[[ MATERIAL PROVIDED, beginning ]]

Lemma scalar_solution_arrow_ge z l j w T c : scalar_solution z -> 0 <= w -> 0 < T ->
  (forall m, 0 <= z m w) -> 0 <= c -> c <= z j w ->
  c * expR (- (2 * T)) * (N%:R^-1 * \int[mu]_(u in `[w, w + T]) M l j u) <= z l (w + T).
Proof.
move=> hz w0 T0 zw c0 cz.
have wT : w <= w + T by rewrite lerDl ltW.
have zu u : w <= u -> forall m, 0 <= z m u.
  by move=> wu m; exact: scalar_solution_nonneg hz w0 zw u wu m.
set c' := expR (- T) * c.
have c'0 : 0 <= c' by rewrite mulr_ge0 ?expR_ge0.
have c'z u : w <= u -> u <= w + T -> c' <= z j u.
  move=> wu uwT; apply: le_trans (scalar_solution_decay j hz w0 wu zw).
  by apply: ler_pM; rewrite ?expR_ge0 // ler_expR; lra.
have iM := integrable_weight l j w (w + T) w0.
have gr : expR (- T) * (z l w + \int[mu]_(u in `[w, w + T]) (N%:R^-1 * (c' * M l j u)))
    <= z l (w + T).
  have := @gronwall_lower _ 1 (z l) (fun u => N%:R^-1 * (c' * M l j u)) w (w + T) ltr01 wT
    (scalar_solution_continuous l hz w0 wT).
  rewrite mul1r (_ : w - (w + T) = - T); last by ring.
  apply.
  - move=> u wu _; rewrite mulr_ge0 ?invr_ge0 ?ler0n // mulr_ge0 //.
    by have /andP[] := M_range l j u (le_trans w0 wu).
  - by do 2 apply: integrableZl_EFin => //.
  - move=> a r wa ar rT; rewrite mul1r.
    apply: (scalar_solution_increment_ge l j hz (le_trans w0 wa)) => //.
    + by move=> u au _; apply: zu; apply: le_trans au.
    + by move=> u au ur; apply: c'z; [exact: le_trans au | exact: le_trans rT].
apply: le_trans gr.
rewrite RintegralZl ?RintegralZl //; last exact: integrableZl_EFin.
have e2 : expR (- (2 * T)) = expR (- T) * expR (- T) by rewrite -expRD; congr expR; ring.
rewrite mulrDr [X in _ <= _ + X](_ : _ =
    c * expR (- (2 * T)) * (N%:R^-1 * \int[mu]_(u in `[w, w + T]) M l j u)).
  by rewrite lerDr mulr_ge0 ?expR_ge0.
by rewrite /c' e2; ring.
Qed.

[[ MATERIAL PROVIDED, end ]]

== TASK PROMPT ==
The answer must reproduce every record exactly.

== TASK RESULT ==
Lemma scalar_solution_arrow_ge z l j w T c : scalar_solution z -> 0 <= w -> 0 < T ->
  (forall m, 0 <= z m w) -> 0 <= c -> c <= z j w ->
  c * expR (- (2 * T)) * (N%:R^-1 * \int[mu]_(u in `[w, w + T]) M l j u) <= z l (w + T).
Proof.
move=> hz w0 T0 zw c0 cz.
have wT : w <= w + T by rewrite lerDl ltW.
have zu u : w <= u -> forall m, 0 <= z m u.
  by move=> wu m; exact: scalar_solution_nonneg hz w0 zw u wu m.
set c' := expR (- T) * c.
have c'0 : 0 <= c' by rewrite mulr_ge0 ?expR_ge0.
have c'z u : w <= u -> u <= w + T -> c' <= z j u.
  move=> wu uwT; apply: le_trans (scalar_solution_decay j hz w0 wu zw).
  by apply: ler_pM; rewrite ?expR_ge0 // ler_expR; lra.
have iM := integrable_weight l j w (w + T) w0.
have gr : expR (- T) * (z l w + \int[mu]_(u in `[w, w + T]) (N%:R^-1 * (c' * M l j u)))
    <= z l (w + T).
  have := @gronwall_lower _ 1 (z l) (fun u => N%:R^-1 * (c' * M l j u)) w (w + T) ltr01 wT
    (scalar_solution_continuous l hz w0 wT).
  rewrite mul1r (_ : w - (w + T) = - T); last by ring.
  apply.
  - move=> u wu _; rewrite mulr_ge0 ?invr_ge0 ?ler0n // mulr_ge0 //.
    by have /andP[] := M_range l j u (le_trans w0 wu).
  - by do 2 apply: integrableZl_EFin => //.
  - move=> a r wa ar rT; rewrite mul1r.
    apply: (scalar_solution_increment_ge l j hz (le_trans w0 wa)) => //.
    + by move=> u au _; apply: zu; apply: le_trans au.
    + by move=> u au ur; apply: c'z; [exact: le_trans au | exact: le_trans rT].
apply: le_trans gr.
rewrite RintegralZl ?RintegralZl //; last exact: integrableZl_EFin.
have e2 : expR (- (2 * T)) = expR (- T) * expR (- T) by rewrite -expRD; congr expR; ring.
rewrite mulrDr [X in _ <= _ + X](_ : _ =
    c * expR (- (2 * T)) * (N%:R^-1 * \int[mu]_(u in `[w, w + T]) M l j u)).
  by rewrite lerDr mulr_ge0 ?expR_ge0.
by rewrite /c' e2; ring.
Qed.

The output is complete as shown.